ASSIGNMENT: Among the entries that follow, some lines contain the word "reflexivity". Show all of them.

=== Section Start ===

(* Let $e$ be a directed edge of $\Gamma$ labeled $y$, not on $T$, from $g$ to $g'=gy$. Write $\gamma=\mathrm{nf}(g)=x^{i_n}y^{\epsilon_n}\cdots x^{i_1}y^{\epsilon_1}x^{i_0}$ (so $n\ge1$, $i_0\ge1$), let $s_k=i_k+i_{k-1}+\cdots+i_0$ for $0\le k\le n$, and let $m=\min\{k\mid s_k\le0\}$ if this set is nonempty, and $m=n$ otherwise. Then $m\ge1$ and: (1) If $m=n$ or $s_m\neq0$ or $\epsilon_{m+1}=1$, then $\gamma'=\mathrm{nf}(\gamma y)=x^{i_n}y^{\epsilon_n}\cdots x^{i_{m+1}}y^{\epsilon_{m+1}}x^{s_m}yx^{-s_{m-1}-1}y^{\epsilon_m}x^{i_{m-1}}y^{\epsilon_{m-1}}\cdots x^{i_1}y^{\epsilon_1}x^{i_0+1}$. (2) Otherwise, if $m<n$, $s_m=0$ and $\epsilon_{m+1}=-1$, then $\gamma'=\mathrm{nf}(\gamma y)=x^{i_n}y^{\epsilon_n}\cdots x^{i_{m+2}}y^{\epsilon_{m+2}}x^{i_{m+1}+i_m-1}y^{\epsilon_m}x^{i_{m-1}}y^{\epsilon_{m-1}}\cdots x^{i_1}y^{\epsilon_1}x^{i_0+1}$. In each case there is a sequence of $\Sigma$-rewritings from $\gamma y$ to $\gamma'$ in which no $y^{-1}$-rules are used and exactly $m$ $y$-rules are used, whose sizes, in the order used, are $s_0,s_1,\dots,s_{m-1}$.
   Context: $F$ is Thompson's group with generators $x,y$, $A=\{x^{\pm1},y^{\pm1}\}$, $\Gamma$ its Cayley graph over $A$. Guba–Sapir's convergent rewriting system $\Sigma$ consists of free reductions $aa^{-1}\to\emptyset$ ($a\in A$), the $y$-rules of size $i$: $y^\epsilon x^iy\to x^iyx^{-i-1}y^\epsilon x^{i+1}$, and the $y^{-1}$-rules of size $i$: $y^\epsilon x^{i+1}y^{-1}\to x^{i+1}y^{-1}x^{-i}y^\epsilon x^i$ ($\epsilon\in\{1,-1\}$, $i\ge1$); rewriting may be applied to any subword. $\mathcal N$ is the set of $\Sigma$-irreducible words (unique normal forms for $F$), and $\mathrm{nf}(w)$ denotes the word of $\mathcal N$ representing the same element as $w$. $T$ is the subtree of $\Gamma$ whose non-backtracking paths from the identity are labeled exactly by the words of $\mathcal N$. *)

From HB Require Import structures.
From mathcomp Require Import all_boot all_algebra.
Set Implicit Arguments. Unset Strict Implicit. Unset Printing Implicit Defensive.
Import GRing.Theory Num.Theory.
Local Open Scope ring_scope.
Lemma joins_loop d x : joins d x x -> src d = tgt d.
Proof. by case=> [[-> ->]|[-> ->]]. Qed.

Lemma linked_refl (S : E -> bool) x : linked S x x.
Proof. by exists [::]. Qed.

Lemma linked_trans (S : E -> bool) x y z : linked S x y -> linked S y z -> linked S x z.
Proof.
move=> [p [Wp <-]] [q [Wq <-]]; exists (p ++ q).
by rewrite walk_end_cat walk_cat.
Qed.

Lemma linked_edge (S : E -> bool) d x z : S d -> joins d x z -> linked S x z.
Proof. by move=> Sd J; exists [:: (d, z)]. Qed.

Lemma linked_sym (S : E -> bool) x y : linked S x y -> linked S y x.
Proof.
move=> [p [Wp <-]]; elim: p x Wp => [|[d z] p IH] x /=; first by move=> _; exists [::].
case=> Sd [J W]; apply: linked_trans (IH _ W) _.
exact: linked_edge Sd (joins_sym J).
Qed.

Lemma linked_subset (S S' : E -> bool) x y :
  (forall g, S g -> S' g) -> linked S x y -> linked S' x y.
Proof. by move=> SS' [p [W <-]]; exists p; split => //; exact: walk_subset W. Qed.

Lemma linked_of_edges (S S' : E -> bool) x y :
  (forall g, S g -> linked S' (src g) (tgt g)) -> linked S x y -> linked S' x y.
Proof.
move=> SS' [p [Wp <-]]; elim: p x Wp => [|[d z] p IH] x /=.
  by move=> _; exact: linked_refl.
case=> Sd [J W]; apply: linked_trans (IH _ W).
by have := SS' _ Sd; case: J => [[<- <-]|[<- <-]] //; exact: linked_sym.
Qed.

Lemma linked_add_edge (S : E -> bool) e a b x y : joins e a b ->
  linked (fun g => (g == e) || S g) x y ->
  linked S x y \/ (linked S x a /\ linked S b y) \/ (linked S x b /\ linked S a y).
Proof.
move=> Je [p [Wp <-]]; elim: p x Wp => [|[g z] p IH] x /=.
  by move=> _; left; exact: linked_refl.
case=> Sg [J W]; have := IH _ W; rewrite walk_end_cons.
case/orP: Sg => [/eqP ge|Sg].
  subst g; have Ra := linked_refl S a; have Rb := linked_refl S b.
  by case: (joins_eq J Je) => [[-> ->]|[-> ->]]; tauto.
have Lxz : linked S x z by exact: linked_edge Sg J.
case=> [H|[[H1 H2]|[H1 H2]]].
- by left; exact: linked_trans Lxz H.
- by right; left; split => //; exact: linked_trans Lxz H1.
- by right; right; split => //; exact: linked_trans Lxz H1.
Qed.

=== Section End ===
=== Section Start ===

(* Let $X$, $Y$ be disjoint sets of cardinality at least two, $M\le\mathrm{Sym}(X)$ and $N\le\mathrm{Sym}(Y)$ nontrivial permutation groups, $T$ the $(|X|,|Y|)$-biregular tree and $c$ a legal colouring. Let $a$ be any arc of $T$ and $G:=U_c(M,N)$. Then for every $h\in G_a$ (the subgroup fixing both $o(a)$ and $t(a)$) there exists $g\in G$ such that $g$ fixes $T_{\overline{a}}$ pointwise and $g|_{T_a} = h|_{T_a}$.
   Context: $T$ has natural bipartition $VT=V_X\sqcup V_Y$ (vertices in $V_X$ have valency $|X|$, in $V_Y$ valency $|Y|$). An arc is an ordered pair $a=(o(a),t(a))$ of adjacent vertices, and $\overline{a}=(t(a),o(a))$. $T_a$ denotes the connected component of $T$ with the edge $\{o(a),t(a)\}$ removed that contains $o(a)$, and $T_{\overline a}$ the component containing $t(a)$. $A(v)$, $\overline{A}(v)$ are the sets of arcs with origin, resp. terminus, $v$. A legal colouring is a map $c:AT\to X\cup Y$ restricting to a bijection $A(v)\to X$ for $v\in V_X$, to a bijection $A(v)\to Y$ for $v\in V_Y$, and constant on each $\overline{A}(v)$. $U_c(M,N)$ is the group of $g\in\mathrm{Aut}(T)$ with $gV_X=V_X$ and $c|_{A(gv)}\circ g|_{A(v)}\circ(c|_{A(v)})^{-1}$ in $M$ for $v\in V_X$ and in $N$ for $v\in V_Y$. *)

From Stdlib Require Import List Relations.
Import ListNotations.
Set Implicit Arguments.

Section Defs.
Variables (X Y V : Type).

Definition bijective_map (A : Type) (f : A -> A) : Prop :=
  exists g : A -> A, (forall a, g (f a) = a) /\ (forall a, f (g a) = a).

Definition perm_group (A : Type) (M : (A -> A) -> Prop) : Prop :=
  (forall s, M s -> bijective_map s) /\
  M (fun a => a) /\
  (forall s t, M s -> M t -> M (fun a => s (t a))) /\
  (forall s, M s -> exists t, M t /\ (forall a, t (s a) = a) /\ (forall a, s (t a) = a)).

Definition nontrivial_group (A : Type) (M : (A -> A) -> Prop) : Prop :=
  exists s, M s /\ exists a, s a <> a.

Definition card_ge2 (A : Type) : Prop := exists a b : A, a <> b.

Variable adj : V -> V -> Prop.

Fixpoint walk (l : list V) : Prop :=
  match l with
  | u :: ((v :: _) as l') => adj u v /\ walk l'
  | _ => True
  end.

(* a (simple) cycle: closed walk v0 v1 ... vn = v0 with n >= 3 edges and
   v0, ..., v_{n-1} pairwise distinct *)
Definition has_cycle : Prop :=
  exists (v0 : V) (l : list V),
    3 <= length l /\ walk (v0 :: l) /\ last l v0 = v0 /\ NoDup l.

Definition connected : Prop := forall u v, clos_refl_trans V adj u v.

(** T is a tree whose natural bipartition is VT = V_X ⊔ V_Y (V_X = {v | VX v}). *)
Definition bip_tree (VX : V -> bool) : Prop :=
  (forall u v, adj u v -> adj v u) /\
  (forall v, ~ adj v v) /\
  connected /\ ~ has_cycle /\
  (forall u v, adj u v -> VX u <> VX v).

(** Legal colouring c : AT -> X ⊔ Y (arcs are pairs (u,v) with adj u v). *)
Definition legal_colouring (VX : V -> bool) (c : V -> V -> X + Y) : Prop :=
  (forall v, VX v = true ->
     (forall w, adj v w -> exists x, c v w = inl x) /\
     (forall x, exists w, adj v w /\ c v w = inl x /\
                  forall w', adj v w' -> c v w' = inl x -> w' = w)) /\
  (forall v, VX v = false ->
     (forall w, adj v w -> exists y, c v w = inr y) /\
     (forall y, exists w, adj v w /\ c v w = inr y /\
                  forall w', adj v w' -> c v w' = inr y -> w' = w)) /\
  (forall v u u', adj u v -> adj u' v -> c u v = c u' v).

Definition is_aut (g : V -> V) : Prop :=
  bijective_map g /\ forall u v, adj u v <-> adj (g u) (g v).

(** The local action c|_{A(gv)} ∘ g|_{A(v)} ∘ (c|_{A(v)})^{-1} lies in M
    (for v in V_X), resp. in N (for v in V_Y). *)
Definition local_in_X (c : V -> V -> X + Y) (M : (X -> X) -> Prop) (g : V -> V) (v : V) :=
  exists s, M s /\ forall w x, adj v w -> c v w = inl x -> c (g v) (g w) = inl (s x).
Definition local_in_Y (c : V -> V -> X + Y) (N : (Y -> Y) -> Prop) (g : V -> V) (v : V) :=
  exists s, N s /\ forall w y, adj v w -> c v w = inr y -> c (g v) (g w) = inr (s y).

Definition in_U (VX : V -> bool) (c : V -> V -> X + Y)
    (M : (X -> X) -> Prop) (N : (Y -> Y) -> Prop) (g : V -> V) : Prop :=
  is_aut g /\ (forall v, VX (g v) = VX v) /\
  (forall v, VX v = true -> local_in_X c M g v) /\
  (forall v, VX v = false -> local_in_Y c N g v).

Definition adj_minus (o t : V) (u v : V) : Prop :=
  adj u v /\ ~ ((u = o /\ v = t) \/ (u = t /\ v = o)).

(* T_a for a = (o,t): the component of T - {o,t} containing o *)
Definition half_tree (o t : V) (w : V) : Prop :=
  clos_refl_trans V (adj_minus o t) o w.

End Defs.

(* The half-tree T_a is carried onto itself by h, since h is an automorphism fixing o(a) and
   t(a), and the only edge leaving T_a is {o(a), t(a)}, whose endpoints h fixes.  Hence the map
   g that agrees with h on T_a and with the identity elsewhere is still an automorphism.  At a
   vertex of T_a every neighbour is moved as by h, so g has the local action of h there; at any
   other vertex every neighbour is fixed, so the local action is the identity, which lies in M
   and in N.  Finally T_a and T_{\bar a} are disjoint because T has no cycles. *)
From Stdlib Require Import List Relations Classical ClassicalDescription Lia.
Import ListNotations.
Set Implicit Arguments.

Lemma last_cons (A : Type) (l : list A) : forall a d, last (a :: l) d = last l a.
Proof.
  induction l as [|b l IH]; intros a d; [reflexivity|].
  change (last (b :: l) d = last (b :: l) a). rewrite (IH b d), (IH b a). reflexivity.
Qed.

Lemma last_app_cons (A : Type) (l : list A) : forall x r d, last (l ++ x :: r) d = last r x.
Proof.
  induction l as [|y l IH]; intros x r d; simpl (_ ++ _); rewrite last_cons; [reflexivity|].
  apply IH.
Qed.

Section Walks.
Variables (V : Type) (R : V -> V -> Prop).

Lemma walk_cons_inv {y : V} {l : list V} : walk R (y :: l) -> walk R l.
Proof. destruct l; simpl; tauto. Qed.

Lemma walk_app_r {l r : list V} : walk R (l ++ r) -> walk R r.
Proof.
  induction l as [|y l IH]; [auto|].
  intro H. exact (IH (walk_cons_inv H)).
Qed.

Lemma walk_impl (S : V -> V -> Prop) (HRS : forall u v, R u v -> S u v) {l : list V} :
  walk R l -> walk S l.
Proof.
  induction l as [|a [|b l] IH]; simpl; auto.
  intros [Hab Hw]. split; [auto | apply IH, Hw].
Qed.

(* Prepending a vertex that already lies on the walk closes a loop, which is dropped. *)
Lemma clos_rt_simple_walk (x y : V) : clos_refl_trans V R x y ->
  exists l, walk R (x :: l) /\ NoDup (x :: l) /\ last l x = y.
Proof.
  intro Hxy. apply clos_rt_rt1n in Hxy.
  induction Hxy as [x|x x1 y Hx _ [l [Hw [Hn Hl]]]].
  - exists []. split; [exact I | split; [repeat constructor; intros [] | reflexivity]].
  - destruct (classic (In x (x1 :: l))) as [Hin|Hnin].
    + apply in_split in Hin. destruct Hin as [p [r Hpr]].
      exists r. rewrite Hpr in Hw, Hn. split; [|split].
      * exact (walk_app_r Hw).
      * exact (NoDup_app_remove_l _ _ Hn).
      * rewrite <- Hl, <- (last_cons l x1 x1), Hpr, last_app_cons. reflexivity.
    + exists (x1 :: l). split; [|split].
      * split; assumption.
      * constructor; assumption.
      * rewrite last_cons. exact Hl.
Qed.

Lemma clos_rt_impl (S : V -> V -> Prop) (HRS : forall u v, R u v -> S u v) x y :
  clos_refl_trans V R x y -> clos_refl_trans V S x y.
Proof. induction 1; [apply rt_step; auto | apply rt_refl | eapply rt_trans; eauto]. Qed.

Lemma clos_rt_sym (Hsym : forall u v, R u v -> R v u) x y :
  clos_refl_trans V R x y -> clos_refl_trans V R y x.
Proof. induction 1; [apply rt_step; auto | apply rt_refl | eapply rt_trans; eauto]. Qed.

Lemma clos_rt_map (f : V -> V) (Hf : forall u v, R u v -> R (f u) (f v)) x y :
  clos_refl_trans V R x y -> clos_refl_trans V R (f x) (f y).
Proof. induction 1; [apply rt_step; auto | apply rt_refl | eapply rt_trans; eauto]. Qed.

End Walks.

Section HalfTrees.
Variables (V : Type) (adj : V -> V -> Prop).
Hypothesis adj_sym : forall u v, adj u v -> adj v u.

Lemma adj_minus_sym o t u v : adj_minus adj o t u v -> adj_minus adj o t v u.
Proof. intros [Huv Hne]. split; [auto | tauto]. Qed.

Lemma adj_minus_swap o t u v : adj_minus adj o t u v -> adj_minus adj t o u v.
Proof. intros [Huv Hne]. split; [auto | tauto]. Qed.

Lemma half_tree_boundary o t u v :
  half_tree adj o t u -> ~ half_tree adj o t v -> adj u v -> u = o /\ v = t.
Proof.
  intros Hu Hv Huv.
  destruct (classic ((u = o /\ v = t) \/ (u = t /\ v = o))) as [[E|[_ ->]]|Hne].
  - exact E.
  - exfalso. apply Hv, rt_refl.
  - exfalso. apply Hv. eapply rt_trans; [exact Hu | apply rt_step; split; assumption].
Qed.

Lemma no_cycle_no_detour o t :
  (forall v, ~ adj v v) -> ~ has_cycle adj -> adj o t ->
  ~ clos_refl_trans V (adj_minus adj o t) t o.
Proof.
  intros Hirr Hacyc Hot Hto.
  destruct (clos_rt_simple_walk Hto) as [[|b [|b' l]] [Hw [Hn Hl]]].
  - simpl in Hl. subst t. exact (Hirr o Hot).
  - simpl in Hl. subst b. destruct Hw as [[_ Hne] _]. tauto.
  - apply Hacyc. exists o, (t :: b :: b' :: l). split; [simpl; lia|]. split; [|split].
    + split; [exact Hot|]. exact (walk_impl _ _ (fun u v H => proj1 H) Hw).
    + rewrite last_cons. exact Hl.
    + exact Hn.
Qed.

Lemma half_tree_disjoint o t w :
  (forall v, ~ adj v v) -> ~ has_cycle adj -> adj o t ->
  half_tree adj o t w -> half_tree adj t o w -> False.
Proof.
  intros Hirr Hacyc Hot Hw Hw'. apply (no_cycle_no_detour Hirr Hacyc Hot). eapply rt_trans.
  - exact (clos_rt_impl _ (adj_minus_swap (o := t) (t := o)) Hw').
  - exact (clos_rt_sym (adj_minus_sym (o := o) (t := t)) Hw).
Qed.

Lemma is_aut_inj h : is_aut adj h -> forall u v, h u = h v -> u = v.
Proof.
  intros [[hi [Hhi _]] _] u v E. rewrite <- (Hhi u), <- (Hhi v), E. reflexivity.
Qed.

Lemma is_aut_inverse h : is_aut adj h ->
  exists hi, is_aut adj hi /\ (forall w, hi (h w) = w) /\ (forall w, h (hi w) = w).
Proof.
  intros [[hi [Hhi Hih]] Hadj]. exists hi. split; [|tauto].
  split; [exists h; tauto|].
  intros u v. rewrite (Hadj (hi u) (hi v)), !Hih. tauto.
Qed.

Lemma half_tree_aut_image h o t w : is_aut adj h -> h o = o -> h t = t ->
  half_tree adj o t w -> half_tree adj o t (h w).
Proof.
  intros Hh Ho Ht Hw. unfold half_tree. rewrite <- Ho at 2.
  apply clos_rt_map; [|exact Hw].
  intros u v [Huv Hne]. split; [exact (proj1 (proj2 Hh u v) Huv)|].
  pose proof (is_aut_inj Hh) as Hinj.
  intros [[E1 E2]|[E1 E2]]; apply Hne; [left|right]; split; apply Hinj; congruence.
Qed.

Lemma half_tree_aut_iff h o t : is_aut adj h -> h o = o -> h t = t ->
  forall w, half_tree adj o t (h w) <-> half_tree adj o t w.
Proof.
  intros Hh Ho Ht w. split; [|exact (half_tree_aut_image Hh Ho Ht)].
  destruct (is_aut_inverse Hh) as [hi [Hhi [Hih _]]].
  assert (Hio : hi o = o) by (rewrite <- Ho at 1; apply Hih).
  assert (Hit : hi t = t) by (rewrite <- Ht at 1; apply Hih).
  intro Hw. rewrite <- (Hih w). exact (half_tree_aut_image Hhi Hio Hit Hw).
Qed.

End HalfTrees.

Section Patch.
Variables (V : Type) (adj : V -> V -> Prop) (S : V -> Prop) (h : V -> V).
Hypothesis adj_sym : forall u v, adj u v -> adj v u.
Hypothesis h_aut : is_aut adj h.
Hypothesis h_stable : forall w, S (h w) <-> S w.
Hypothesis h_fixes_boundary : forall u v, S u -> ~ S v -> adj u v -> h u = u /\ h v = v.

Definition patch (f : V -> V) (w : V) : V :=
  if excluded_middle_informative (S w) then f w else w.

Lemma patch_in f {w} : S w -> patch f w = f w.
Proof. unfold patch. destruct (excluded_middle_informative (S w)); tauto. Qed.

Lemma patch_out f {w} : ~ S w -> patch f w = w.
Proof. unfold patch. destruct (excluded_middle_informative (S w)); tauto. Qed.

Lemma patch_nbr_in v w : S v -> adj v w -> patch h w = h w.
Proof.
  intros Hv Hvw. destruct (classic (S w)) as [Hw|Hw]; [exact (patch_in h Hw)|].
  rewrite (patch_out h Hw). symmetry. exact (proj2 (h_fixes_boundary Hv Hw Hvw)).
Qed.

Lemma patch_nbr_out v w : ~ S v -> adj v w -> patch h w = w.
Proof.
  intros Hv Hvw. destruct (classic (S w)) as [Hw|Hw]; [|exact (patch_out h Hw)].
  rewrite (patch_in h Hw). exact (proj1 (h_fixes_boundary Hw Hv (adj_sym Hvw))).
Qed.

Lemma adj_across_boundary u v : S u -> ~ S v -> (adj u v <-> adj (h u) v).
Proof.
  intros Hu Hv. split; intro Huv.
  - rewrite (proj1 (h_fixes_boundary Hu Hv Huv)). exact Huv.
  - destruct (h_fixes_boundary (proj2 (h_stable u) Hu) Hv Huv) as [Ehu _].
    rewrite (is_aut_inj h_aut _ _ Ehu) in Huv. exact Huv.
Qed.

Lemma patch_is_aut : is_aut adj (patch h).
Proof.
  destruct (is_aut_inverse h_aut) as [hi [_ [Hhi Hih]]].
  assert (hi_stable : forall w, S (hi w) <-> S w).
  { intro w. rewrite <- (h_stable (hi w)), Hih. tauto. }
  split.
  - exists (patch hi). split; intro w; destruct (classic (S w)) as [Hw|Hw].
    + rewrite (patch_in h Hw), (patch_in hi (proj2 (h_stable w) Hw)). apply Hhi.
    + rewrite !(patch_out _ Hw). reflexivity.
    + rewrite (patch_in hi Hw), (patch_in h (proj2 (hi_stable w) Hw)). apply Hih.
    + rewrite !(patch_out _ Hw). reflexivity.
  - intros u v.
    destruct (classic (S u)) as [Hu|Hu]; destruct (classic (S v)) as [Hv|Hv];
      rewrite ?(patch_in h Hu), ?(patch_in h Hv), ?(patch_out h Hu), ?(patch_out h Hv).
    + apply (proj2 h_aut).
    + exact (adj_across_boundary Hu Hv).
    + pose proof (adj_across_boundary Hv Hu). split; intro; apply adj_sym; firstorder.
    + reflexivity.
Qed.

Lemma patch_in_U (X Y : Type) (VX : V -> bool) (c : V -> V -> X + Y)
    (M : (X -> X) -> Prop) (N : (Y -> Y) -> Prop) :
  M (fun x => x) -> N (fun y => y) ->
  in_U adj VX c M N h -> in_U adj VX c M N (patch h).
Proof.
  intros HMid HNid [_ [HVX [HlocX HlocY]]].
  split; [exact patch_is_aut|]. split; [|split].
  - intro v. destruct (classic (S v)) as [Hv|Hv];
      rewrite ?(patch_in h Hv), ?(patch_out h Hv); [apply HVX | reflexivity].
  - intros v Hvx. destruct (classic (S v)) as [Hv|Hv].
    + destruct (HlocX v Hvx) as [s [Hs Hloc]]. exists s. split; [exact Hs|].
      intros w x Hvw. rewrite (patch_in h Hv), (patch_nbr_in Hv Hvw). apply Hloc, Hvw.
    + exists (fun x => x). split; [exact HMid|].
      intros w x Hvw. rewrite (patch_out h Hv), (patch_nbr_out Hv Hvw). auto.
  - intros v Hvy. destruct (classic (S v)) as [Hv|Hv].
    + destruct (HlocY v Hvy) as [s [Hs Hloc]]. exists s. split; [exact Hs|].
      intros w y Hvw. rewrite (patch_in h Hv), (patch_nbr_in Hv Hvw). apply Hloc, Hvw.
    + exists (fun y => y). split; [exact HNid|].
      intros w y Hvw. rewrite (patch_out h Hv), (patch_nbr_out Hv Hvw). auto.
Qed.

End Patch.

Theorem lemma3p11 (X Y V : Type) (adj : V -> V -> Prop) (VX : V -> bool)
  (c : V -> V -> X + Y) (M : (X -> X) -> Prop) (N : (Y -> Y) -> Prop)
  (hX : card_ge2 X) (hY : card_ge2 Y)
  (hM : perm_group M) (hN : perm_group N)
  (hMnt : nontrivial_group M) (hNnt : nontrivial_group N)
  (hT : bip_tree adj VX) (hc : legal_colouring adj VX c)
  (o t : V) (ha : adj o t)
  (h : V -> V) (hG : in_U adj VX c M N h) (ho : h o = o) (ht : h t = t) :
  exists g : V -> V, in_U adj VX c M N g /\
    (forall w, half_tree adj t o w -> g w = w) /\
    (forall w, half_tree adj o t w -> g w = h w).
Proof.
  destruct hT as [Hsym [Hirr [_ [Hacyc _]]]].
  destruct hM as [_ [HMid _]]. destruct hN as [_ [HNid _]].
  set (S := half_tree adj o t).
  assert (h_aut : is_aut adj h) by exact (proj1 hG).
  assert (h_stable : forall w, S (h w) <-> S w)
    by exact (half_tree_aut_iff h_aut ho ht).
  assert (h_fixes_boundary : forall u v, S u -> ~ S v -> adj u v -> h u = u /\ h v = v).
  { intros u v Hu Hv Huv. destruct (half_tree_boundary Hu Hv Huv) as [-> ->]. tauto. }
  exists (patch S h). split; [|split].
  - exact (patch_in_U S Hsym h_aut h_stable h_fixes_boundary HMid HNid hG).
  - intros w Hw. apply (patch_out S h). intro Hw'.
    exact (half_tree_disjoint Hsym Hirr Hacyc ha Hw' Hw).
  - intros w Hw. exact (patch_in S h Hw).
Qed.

=== Section End ===

SOLUTION:
  induction l as [|b l IH]; intros a d; [reflexivity|].
  change (last (b :: l) d = last (b :: l) a). rewrite (IH b d), (IH b a). reflexivity.
  induction l as [|y l IH]; intros x r d; simpl (_ ++ _); rewrite last_cons; [reflexivity|].
  - exists []. split; [exact I | split; [repeat constructor; intros [] | reflexivity]].
      * rewrite <- Hl, <- (last_cons l x1 x1), Hpr, last_app_cons. reflexivity.
  intros [[hi [Hhi _]] _] u v E. rewrite <- (Hhi u), <- (Hhi v), E. reflexivity.
    + rewrite !(patch_out _ Hw). reflexivity.
    + rewrite !(patch_out _ Hw). reflexivity.
    + reflexivity.
      rewrite ?(patch_in h Hv), ?(patch_out h Hv); [apply HVX | reflexivity].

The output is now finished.